Lemma jacobi_positive_det_mulmx K (W : 'M[R]_(m, K)) (G : (nat -> R) -> 'M[R]_(K, m)) :
  (forall i k, 0 <= W i k) ->
  (forall f : {ffun 'I_m -> 'I_K}, (forall i, W i (f i) != 0) ->
     jacobi_positive (fun x => \det (rowsub f (G x)) / vdm m x)) ->
  jacobi_positive (fun x => \det (W *m G x) / vdm m x).
Proof.
move=> W0 Wpos.
apply: (jacobi_positive_eq (F := fun x => \sum_(f : {ffun 'I_m -> 'I_K})
    (\prod_i W i (f i)) * (\det (rowsub f (G x)) / vdm m x))).
  by move=> x; rewrite det_mulmx_ffun mulr_suml; apply: eq_bigr => f _; rewrite mulrA.
apply: jacobi_positive_sum => [f|f /prodf_neq0 Wf]; first exact: prodr_ge0.
by apply: Wpos => i; apply: Wf.
Qed.

End JacobiPositive.

Section KernelDeterminants.
Variable R : realType.
Variables a b : R.
Hypotheses (ha : -1 < a) (hb : -1 < b).

Lemma jacobi_positive_det_cd_kernel m (f : nat -> nat) :
  strictly_decreasing m.+1 f ->
  jacobi_positive a b m.+1 (fun x =>
    \det (\matrix_(i < m.+1, j < m.+1) cd_kernel a b (f i) (x j)) / vdm m.+1 x).
Proof.
move=> fdec; pose K := (\max_(i < m.+1) f i).+1.
have fK (i : 'I_m.+1) : (f i < K)%N by rewrite ltnS (leq_bigmax_cond i).
pose W : 'M[R]_(m.+1, K) := \matrix_(i, k) (cd_weight a b k *
  ((if (i.+1 < m.+1)%N then (f i.+1 < k)%N else true) && (k <= f i)%N)%:R).
pose G (x : nat -> R) : 'M[R]_(K, m.+1) := \matrix_(k, j) hyp a b k (x j).
apply: (jacobi_positive_eq (F := fun x => \det (W *m G x) / vdm m.+1 x)).
  move=> x; rewrite -[in RHS](det_sub_next_rows _ (fun=> 1)); congr (\det _ / _).
  apply/matrixP => i j; rewrite !mxE; case: ifP => i1m.
    rewrite (inordK i1m) (mul1r (cd_kernel a b (f i.+1) (x j))).
    rewrite (cd_kernel_sub a b _ (ltnW (fdec i i1m))).
    rewrite (big_nat_ord_indicator _ _ (fK i)); apply: eq_bigr => k _.
    by rewrite !mxE i1m ltnS mulrCA mulrA.
  rewrite /cd_kernel -(big_mkord xpredT (fun k => cd_weight a b k * hyp a b k (x j))).
  rewrite (big_nat_ord_indicator _ _ (fK i)); apply: eq_bigr => k _.
  by rewrite !mxE i1m ltnS mulrCA mulrA.
apply: (@jacobi_positive_det_mulmx _ a b m.+1 K W G) => [i k|g Wg].
  by rewrite mxE mulr_ge0 ?ler0n ?ltW ?cd_weight_gt0.
have gbound (i : 'I_m.+1) :
    ((if (i.+1 < m.+1)%N then (f i.+1 < g i)%N else true) && (g i <= f i)%N).
  by move: (Wg i); rewrite mxE mulf_eq0 negb_or pnatr_eq0 eqb0 negbK => /andP[].
have gdec : strictly_decreasing m.+1 (fun i => g (inord i)).
  move=> i i1m; have := gbound (inord i.+1); have := gbound (inord i).
  rewrite (inordK i1m) (inordK (ltnW i1m)) i1m => /andP[fg _] /andP[_ gf].
  exact: leq_ltn_trans gf fg.
apply: (jacobi_positive_eq (F := fun x => (\prod_i (jacobi_norm a (g i))^-1) *
  (\det (\matrix_(i < m.+1, j < m.+1) jacobi a b (g (inord i)) (x j)) / vdm m.+1 x))).
  move=> x; rewrite mulrA -det_scale_rows; congr (\det _ / _).
  apply/matrixP => i j; rewrite !mxE inord_val jacobiE mulKf //.
  exact/lt0r_neq0/jacobi_norm_gt0.
apply: jacobi_positiveZ _ (jacobi_positive_det_jacobi a b gdec).
by apply: prodr_ge0 => i _; rewrite invr_ge0 ltW ?jacobi_norm_gt0.
Qed.

End KernelDeterminants.

Section LastVariableAtOne.
Variable R : realType.
Variables (a b : R) (m : nat) (lam : seq nat).
Hypotheses (ha : -1 < a) (hb : -1 < b) (hlam : is_partition m.+2 lam).

Let L := add_staircase m.+2 lam.
Let K := (\max_(i < m.+2) L i).+1.

Let LK i : (i < m.+2)%N -> (L i < K)%N.
Proof. by move=> im; rewrite ltnS (leq_bigmax_cond (Ordinal im)). Qed.

Let W : 'M[R]_(m.+1, K) :=
  \matrix_(i, k) (jacobi_norm a (L i) * ((L i.+1 <= k) && (k < L i))%N%:R).

Let G (x : nat -> R) : 'M[R]_(K, m.+1) :=
  \matrix_(k, j) (cd_scale a b k * cd_kernel a b k (x j)).

Lemma det_jacobi_last_at1 (y : nat -> R) : y m.+1 = 1 ->
  \det (\matrix_(i < m.+2, j < m.+2) jacobi a b (L i) (y j)) =
  jacobi_norm a (L m.+1) * ((\prod_(j < m.+1) (y j - 1)) * \det (W *m G y)).
Proof.
move=> y1; have Ldec : strictly_decreasing m.+2 L by apply: add_staircase_decreasing.
rewrite -(det_sub_next_rows _ (fun i => jacobi_norm a (L i) / jacobi_norm a (L i.+1))).
rewrite det_col_max => [|i ni]; last first.
  have i1m : (i.+1 < m.+2)%N by rewrite ltn_neqAle -?val_eqE ltn_ord andbT.
  rewrite !mxE i1m (inordK i1m) y1 !jacobi_at1 divfK ?subrr //.
  exact/lt0r_neq0/jacobi_norm_gt0.
rewrite !mxE ltnn y1 jacobi_at1 -det_scale_cols; congr (_ * \det _).
apply/matrixP => i j; have i1 : (i.+1 < m.+2)%N by rewrite ltnS.
rewrite !mxE !lift_max i1 (inordK i1) (jacobi_sub_ratio ha hb _ (ltnW (Ldec i i1))).
rewrite (big_nat_ord_indicator _ _ (ltnW (LK (ltnW i1)))) mulrCA mulr_sumr.
by apply: congr1; apply: eq_bigr => k _; rewrite !mxE -mulrA.
Qed.

Lemma multiJacobi_last_at1 x : (forall i, (i < m.+1)%N -> x i != 1) ->
  multiJacobi a b m.+2 lam (fun j => if j == m.+1 then 1 else x j) =
  jacobi_norm a (L m.+1) * (\det (W *m G x) / vdm m.+1 x).
Proof.
move=> x1; rewrite multiJacobiE -/L vdm_set_last.
rewrite (det_jacobi_last_at1 (y := fun j => if j == m.+1 then 1 else x j)) /= ?eqxx //.
have -> : G (fun j => if j == m.+1 then 1 else x j) = G x.
  by apply/matrixP => k j; rewrite !mxE ltn_eqF.
rewrite (eq_bigr (fun j : 'I_m.+1 => x j - 1)) => [|j _]; last by rewrite ltn_eqF.
have P0 : \prod_(i < m.+1) (x i - 1) != 0.
  by apply/prodf_neq0 => i _; rewrite subr_eq0 x1.
have [->|V0] := eqVneq (vdm m.+1 x) 0; first by rewrite !(mul0r, invr0, mulr0).
by field; rewrite V0 P0.
Qed.

Lemma jacobi_positive_last_at1 :
  jacobi_positive a b m.+1 (fun x => jacobi_norm a (L m.+1) * (\det (W *m G x) / vdm m.+1 x)).
Proof.
apply: jacobi_positiveZ; first exact/ltW/jacobi_norm_gt0.
apply: jacobi_positive_det_mulmx => [i k|f Wf].
  by rewrite mxE mulr_ge0 ?ler0n ?ltW ?jacobi_norm_gt0.
have fbound (i : 'I_m.+1) : (L i.+1 <= f i < L i)%N.
  by move: (Wf i); rewrite mxE mulf_eq0 negb_or pnatr_eq0 eqb0 negbK => /andP[].
have fdec : strictly_decreasing m.+1 (fun i => f (inord i)).
  move=> i i1m; have /andP[_ fL] := fbound (inord i.+1).
  have /andP[Lf _] := fbound (inord i).
  by rewrite (inordK i1m) in fL; rewrite (inordK (ltnW i1m)) in Lf; apply: leq_trans Lf.
apply: (jacobi_positive_eq (F := fun x => (\prod_i cd_scale a b (f i)) *
  (\det (\matrix_(i < m.+1, j < m.+1) cd_kernel a b (f (inord i)) (x j)) / vdm m.+1 x))).
  move=> x; rewrite mulrA -det_scale_rows; congr (\det _ / _).
  by apply/matrixP => i j; rewrite !mxE inord_val.
apply: jacobi_positiveZ _ (jacobi_positive_det_cd_kernel ha hb fdec).
by apply: prodr_ge0 => i _; apply/ltW/cd_scale_gt0.
Qed.

End LastVariableAtOne.

Theorem proposition7p5 (R : realType) (a b : R) (n : nat) (lam : seq nat) :
  -1 < a -> -1 < b -> (2 <= n)%N -> is_partition n lam ->
  exists (s : seq (seq nat)) (c : seq nat -> R),
    [/\ uniq s, all (is_partition n.-1) s,
        (forall nu, nu \in s -> 0 <= c nu) &
        forall x : nat -> R,
          (forall i j, (i < n.-1)%N -> (j < n.-1)%N -> i != j -> x i != x j) ->
          (forall i, (i < n.-1)%N -> x i != 1) ->
          multiJacobi a b n lam (fun j => if j == n.-1 then 1 else x j)
          = \sum_(nu <- s) c nu * multiJacobi a b n.-1 nu x].
Proof.
move=> ha hb; case: n lam => [|[|m]] // lam _ hlam.
have [s [c [suniq spart c_ge0 cE]]] :=
  jacobi_positive_uniq (jacobi_positive_last_at1 m lam ha hb).
exists s, c; split=> // x _ x1.
by rewrite multiJacobi_last_at1 // cE.
Qed.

——

Using the listing above, show every line that includes the string "true".

▶ Output of the task:
  ((if (i.+1 < m.+1)%N then (f i.+1 < k)%N else true) && (k <= f i)%N)%:R).
    ((if (i.+1 < m.+1)%N then (f i.+1 < g i)%N else true) && (g i <= f i)%N).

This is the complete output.